The task –
Every line holding the word "Variables" should be copied from the material.

━━━━

(* [f] need not be measurable: below it is [g |-> W1 P (F^~ g) theta],
   whose measurability is not known. *)
Lemma ge0_integral_le_scale {R : realType} d (T : measurableType d)
    (mu : {measure set T -> \bar R}) (k f : T -> \bar R) (a : R) :
  (0 <= a)%R -> measurable_fun setT k -> (forall x, 0 <= k x)%E ->
  (forall x, k x <= a%:E * f x)%E ->
  (\int[mu]_x k x <= a%:E * \int[mu]_x f x)%E.
Proof.
move=> a0 mk k0 kf.
have [a_eq0|a_neq0] := eqVneq a 0%R.
  rewrite a_eq0 in kf *; rewrite mul0e (eq_integral (cst 0%E)) ?integral0 // => x _.
  by apply/eqP; rewrite eq_le k0 andbT; have := kf x; rewrite mul0e.
have a_gt0 : (0 < a)%R by rewrite lt0r a_neq0.
have f0 x : (0 <= f x)%E by rewrite -(@lee_pmul2l _ a%:E) ?lte_fin // mule0 (le_trans (k0 x)).
have -> : (\int[mu]_x k x = a%:E * \int[mu]_x (a^-1%:E * k x))%E.
  rewrite ge0_integralZl //; last by rewrite lee_fin invr_ge0.
  by rewrite muleA -EFinM divff // mul1e.
rewrite lee_pmul2l ?lte_fin // !ge0_integralTE // => [|x]; last first.
  by rewrite mule_ge0 // lee_fin invr_ge0.
apply: ereal_sup_le => _ [s sk <-]; exists s => // x; apply: le_trans (sk x) _.
by rewrite -(@lee_pmul2l _ a%:E) ?lte_fin // muleA -EFinM divff // mul1e.
Qed.

Section coupling.
Local Open Scope ereal_scope.
Context {R : realType} {p : nat} {d} {T : measurableType d} (P : probability T R).
Variables (f1 f2 : T -> p.-tuple R).
Hypotheses (mf1 : measurable_fun setT f1) (mf2 : measurable_fun setT f2).

Lemma W1_ge0 : 0 <= W1 P f1 f2.
Proof.
apply: le_ereal_inf_tmp => _ [pi _ <-]; apply: integral_ge0 => yz _.
by rewrite lee_fin dist2_ge0.
Qed.

Section marginals.
Variable pi : probability (p.-tuple R * p.-tuple R)%type R.
Hypothesis pi_coupling : is_coupling P f1 f2 pi.
Context {phi : p.-tuple R -> (\bar R)}.
Hypotheses (mphi : measurable_fun setT phi) (phi_ge0 : forall y, 0 <= phi y).

Lemma coupling_integral_fst : \int[pi]_yz phi yz.1 = \int[P]_x phi (f1 x).
Proof.
have := ge0_integral_pushforward measurable_fst pi measurableT mphi (fun y _ => phi_ge0 y).
have := ge0_integral_pushforward mf1 P measurableT mphi (fun y _ => phi_ge0 y).
rewrite !preimage_setT => <- <-; apply: eq_measure_integral => A mA _.
change (pi (fst @^-1` A) = P (f1 @^-1` A)).
rewrite -pi_coupling.1 //; congr (pi _).
by apply/seteqP; split => [yz|[y z] []].
Qed.

Lemma coupling_integral_snd : \int[pi]_yz phi yz.2 = \int[P]_x phi (f2 x).
Proof.
have := ge0_integral_pushforward measurable_snd pi measurableT mphi (fun y _ => phi_ge0 y).
have := ge0_integral_pushforward mf2 P measurableT mphi (fun y _ => phi_ge0 y).
rewrite !preimage_setT => <- <-; apply: eq_measure_integral => A mA _.
change (pi (snd @^-1` A) = P (f2 @^-1` A)).
rewrite -pi_coupling.2 //; congr (pi _).
by apply/seteqP; split => [yz|[y z] []].
Qed.

End marginals.

Section lipschitz.
Variables (h : p.-tuple R -> R) (L : R).
Hypotheses (mh : measurable_fun setT h) (h_ge0 : forall y, (0 <= h y)%R)
  (h_bounded : exists M, forall y, (h y <= M)%R) (L_ge0 : (0 <= L)%R)
  (h_lip : forall y z, (`|h y - h z| <= L * dist2 y z)%R).

Lemma lipschitz_le_coupling pi : is_coupling P f1 f2 pi ->
  `|\int[P]_x (h (f1 x))%:E - \int[P]_x (h (f2 x))%:E| <=
  L%:E * \int[pi]_yz (dist2 yz.1 yz.2)%:E.
Proof.
move=> pi_coupling; have [M hM] := h_bounded.
have mEh : measurable_fun setT (EFin \o h) by exact/measurable_EFinP.
have Eh_ge0 y : 0 <= (EFin \o h) y by rewrite lee_fin.
rewrite -(coupling_integral_fst _ pi_coupling mEh Eh_ge0).
rewrite -(coupling_integral_snd _ pi_coupling mEh Eh_ge0) /=.
have hbound y : (`|h y| <= M)%R by rewrite ger0_norm.
have m1 : measurable_fun setT (fun yz : p.-tuple R * p.-tuple R => h yz.1).
  exact: measurableT_comp mh measurable_fst.
have m2 : measurable_fun setT (fun yz : p.-tuple R * p.-tuple R => h yz.2).
  exact: measurableT_comp mh measurable_snd.
rewrite -integralB_EFin //; last 2 first.
- exact: (bounded_integrable _ _ M m1).
- exact: (bounded_integrable _ _ M m2).
have mdist : measurable_fun setT (fun yz : p.-tuple R * p.-tuple R => dist2 yz.1 yz.2).
  exact: measurable_dist2 measurable_fst measurable_snd.
apply: le_trans (le_abse_integral _ _ _) _ => //.
  by apply/measurable_EFinP; exact: measurable_funB.
rewrite -ge0_integralZl_EFin //; first last.
- by apply/measurable_EFinP; exact: mdist.
- by move=> yz _; rewrite lee_fin dist2_ge0.
apply: ge0_le_integral => //.
- by apply: measurableT_comp => //; apply/measurable_EFinP; exact: measurable_funB.
- by apply: measurable_funeM; apply/measurable_EFinP; exact: mdist.
- by move=> yz _; rewrite -EFinB -EFinM /= lee_fin h_lip.
Qed.

Lemma lipschitz_le_W1 :
  `|\int[P]_x (h (f1 x))%:E - \int[P]_x (h (f2 x))%:E| <= L%:E * W1 P f1 f2.
Proof.
have [L_eq0|L_neq0] := eqVneq L 0%R.
  have hf12 x : h (f1 x) = h (f2 x).
    apply/eqP; rewrite -subr_eq0 -normr_eq0 eq_le normr_ge0 andbT.
    by rewrite (le_trans (h_lip _ _)) // L_eq0 mul0r.
  have [M hM] := h_bounded.
  have hfin : \int[P]_x (h (f2 x))%:E \is a fin_num.
    apply: integrable_fin_num => //; apply: (bounded_integrable _ _ M).
      exact: measurableT_comp mh mf2.
    by move=> x; rewrite ger0_norm.
  under eq_integral do rewrite hf12.
  by rewrite subee // abse0 mule_ge0 // W1_ge0.
rewrite /W1 -ereal_inf_pZl ?lt0r ?L_neq0 //.
by apply: le_ereal_inf_tmp => _ [_ [pi pi_coupling <-] <-]; exact: lipschitz_le_coupling.
Qed.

━━━━

Exercise answer –
Variables (f1 f2 : T -> p.-tuple R).
Variables (h : p.-tuple R -> R) (L : R).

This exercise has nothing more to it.